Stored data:
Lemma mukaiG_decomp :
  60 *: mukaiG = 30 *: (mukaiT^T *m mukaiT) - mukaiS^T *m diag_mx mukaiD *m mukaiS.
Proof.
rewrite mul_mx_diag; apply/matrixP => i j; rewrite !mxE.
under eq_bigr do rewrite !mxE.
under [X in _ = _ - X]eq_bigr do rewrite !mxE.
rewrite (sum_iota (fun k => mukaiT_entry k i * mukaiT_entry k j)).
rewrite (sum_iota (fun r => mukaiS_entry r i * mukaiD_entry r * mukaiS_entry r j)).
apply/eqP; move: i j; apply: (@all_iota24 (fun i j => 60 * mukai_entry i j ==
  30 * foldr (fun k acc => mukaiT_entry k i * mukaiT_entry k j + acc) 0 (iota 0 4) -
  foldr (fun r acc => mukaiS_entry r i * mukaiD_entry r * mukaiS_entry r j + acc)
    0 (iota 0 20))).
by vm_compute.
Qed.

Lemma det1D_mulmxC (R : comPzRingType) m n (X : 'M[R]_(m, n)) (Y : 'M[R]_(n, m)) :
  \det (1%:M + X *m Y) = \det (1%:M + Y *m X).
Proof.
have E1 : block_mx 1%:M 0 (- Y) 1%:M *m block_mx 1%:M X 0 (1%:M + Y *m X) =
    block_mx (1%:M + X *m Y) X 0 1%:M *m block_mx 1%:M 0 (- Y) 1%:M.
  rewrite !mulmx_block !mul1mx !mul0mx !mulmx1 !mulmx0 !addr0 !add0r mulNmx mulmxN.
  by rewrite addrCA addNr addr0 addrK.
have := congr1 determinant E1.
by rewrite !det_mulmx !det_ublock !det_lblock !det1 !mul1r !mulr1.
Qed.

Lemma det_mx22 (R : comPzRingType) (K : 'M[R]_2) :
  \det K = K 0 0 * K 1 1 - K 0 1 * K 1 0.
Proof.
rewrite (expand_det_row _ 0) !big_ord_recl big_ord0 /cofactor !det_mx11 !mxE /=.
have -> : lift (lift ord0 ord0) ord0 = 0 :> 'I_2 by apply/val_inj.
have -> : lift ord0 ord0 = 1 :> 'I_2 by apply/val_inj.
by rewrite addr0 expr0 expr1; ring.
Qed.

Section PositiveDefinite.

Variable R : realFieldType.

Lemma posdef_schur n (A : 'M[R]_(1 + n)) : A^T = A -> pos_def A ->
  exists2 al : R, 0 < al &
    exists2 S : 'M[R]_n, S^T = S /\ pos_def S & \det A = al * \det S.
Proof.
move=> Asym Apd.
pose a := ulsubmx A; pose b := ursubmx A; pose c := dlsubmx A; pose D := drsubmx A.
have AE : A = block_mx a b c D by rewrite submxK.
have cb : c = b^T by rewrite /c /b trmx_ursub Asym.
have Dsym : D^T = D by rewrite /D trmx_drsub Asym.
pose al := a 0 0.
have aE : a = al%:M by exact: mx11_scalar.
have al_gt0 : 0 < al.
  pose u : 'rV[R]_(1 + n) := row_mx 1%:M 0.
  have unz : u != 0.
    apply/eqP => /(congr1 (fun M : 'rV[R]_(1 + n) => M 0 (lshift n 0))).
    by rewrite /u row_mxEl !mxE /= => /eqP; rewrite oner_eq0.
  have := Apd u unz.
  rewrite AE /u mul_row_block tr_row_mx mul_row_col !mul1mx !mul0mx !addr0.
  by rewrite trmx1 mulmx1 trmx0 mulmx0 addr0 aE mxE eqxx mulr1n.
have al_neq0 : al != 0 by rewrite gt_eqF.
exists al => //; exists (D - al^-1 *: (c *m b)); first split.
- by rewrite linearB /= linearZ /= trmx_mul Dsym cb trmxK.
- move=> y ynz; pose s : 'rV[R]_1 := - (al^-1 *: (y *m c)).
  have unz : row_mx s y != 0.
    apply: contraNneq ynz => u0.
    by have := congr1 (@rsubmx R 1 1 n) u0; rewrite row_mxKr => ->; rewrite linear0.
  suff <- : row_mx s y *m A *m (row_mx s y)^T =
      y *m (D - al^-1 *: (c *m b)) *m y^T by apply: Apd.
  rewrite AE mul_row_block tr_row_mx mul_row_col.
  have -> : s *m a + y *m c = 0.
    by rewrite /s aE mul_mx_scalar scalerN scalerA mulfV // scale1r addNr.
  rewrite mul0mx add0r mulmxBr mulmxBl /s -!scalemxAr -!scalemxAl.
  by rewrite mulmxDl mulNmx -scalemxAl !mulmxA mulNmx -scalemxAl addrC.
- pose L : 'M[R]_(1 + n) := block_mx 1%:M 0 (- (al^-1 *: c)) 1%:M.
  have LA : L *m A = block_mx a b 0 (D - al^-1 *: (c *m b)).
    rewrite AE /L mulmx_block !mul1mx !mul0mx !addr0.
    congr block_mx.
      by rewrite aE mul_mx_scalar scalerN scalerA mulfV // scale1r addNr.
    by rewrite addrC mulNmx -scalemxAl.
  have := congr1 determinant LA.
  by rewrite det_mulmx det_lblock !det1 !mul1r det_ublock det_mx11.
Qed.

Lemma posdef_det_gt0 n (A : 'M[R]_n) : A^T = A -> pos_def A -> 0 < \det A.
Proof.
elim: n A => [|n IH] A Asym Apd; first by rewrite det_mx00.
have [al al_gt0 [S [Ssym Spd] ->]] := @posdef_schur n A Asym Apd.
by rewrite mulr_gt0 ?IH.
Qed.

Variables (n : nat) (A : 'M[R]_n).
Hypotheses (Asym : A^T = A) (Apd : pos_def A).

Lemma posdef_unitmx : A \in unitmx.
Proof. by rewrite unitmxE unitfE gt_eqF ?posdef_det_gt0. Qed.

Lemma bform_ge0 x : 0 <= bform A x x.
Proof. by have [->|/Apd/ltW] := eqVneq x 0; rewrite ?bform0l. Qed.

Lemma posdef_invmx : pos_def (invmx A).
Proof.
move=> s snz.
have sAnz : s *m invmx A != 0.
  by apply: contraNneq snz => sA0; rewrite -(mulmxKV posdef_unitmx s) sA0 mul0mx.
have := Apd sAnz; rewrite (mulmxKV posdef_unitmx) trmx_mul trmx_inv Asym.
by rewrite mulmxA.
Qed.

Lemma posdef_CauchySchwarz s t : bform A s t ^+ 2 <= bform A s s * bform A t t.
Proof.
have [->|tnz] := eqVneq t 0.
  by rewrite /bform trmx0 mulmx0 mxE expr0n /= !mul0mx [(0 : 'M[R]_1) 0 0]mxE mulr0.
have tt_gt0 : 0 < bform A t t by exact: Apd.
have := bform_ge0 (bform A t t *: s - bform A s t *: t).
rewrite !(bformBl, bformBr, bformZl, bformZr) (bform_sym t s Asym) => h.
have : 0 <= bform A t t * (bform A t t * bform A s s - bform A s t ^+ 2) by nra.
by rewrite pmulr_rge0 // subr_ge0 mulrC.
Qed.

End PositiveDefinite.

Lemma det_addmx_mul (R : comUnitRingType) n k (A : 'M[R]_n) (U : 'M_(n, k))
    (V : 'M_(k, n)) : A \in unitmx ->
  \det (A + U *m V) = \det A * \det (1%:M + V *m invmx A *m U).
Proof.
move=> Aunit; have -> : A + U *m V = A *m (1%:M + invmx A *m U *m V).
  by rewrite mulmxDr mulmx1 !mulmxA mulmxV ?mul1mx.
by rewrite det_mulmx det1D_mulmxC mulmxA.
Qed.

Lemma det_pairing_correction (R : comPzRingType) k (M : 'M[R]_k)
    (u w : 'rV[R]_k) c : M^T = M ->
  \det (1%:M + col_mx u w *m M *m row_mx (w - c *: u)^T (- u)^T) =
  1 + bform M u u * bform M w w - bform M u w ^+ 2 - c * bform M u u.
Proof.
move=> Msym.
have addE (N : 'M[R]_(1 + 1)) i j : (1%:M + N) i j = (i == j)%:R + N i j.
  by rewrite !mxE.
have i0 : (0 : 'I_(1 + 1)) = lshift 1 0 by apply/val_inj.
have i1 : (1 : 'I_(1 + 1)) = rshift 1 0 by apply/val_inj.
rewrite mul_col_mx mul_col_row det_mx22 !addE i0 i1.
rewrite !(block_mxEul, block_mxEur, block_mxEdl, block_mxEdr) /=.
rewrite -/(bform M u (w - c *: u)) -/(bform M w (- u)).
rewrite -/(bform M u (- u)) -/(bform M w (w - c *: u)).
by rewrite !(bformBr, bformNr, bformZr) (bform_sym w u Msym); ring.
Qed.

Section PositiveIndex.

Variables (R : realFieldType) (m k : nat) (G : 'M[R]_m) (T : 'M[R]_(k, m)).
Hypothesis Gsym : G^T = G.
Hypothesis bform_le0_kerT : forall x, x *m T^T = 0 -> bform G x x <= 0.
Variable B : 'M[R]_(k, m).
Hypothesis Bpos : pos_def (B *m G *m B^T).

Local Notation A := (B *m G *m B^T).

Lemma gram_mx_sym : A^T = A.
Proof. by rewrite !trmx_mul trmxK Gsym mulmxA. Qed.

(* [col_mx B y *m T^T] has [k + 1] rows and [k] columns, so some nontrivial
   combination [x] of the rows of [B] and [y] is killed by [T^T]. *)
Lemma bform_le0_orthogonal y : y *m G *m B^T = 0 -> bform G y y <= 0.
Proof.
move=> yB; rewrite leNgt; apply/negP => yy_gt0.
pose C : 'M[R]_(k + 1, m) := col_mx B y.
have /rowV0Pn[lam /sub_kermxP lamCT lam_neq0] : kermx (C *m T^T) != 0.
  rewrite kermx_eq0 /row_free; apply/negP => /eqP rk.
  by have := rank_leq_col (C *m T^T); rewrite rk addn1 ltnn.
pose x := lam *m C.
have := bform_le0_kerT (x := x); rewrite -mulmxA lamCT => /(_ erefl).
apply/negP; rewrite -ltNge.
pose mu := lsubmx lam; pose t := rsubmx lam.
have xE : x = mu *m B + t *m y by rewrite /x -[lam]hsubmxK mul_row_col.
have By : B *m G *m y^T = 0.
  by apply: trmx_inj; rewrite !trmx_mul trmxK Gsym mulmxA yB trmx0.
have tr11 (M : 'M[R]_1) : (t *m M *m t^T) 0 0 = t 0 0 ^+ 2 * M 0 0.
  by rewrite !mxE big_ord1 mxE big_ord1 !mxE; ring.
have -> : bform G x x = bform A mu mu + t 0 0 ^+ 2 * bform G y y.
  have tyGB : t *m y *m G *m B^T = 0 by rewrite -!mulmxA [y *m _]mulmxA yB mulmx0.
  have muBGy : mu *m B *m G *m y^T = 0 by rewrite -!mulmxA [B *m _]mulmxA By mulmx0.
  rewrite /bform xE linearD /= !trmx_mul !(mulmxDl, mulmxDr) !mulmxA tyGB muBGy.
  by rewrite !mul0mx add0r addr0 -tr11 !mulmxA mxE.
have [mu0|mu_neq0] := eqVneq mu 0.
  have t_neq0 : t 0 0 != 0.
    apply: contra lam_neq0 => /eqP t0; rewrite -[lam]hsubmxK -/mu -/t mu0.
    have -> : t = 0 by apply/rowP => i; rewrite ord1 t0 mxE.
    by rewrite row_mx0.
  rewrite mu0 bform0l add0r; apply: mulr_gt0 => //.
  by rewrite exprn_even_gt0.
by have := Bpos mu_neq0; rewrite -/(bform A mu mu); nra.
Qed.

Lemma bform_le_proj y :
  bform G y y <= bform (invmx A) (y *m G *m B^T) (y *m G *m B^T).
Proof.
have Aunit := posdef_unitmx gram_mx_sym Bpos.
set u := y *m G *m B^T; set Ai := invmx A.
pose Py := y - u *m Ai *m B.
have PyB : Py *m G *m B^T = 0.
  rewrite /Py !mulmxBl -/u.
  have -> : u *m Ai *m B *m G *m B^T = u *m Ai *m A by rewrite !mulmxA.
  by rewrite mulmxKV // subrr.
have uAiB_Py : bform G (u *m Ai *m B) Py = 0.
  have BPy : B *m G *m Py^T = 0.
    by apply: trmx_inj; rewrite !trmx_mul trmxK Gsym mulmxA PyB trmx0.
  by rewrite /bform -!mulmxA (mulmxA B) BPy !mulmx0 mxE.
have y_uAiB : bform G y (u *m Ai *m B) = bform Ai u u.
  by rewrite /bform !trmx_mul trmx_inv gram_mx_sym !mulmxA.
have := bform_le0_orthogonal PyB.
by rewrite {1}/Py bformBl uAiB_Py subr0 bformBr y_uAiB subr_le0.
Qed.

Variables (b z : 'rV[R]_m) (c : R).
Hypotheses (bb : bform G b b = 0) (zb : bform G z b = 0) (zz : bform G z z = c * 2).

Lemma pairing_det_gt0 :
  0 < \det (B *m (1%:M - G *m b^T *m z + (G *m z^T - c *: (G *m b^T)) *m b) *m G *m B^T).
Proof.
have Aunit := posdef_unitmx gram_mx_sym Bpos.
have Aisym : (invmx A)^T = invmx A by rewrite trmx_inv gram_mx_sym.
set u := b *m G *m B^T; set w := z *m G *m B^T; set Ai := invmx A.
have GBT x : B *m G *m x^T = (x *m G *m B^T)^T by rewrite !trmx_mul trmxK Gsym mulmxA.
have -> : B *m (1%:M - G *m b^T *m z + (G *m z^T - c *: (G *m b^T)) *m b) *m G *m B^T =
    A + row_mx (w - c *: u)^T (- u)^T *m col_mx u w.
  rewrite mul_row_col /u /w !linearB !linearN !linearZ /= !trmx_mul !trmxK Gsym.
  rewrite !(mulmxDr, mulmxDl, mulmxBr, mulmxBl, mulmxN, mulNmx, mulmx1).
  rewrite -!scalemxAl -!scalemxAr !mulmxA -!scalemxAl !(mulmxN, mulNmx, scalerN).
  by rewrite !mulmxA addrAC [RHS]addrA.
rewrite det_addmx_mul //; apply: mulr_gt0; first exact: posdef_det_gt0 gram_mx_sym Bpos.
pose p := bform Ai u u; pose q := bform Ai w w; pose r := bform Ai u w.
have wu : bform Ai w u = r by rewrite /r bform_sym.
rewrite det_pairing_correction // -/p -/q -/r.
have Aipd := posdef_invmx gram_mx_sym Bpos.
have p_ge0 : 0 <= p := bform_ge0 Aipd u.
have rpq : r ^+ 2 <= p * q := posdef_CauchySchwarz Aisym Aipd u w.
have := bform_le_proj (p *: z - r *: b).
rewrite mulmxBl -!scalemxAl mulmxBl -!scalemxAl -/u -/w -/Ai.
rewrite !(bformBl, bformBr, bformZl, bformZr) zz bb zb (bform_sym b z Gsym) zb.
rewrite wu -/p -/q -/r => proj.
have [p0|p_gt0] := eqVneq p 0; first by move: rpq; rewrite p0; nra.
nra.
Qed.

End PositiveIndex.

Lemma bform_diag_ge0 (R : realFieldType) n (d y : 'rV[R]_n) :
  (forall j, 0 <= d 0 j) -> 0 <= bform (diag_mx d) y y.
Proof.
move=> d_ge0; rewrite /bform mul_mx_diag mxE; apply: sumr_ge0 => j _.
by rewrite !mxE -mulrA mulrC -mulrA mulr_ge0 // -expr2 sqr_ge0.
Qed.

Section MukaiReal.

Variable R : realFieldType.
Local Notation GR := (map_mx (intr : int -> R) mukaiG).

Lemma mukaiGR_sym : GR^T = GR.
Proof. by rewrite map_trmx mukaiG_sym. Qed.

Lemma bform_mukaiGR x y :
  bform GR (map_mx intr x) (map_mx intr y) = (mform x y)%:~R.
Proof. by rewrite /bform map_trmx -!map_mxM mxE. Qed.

**WHAT IS REQUIRED:**
Starting at the line above that contains "rewrite mul_row_col /u", repeat each line exactly up to and including the line that contains "have Aipd := posdef_invmx gram_mx_sym Bpos.", and stop there.

**REPLY:**
  rewrite mul_row_col /u /w !linearB !linearN !linearZ /= !trmx_mul !trmxK Gsym.
  rewrite !(mulmxDr, mulmxDl, mulmxBr, mulmxBl, mulmxN, mulNmx, mulmx1).
  rewrite -!scalemxAl -!scalemxAr !mulmxA -!scalemxAl !(mulmxN, mulNmx, scalerN).
  by rewrite !mulmxA addrAC [RHS]addrA.
rewrite det_addmx_mul //; apply: mulr_gt0; first exact: posdef_det_gt0 gram_mx_sym Bpos.
pose p := bform Ai u u; pose q := bform Ai w w; pose r := bform Ai u w.
have wu : bform Ai w u = r by rewrite /r bform_sym.
rewrite det_pairing_correction // -/p -/q -/r.
have Aipd := posdef_invmx gram_mx_sym Bpos.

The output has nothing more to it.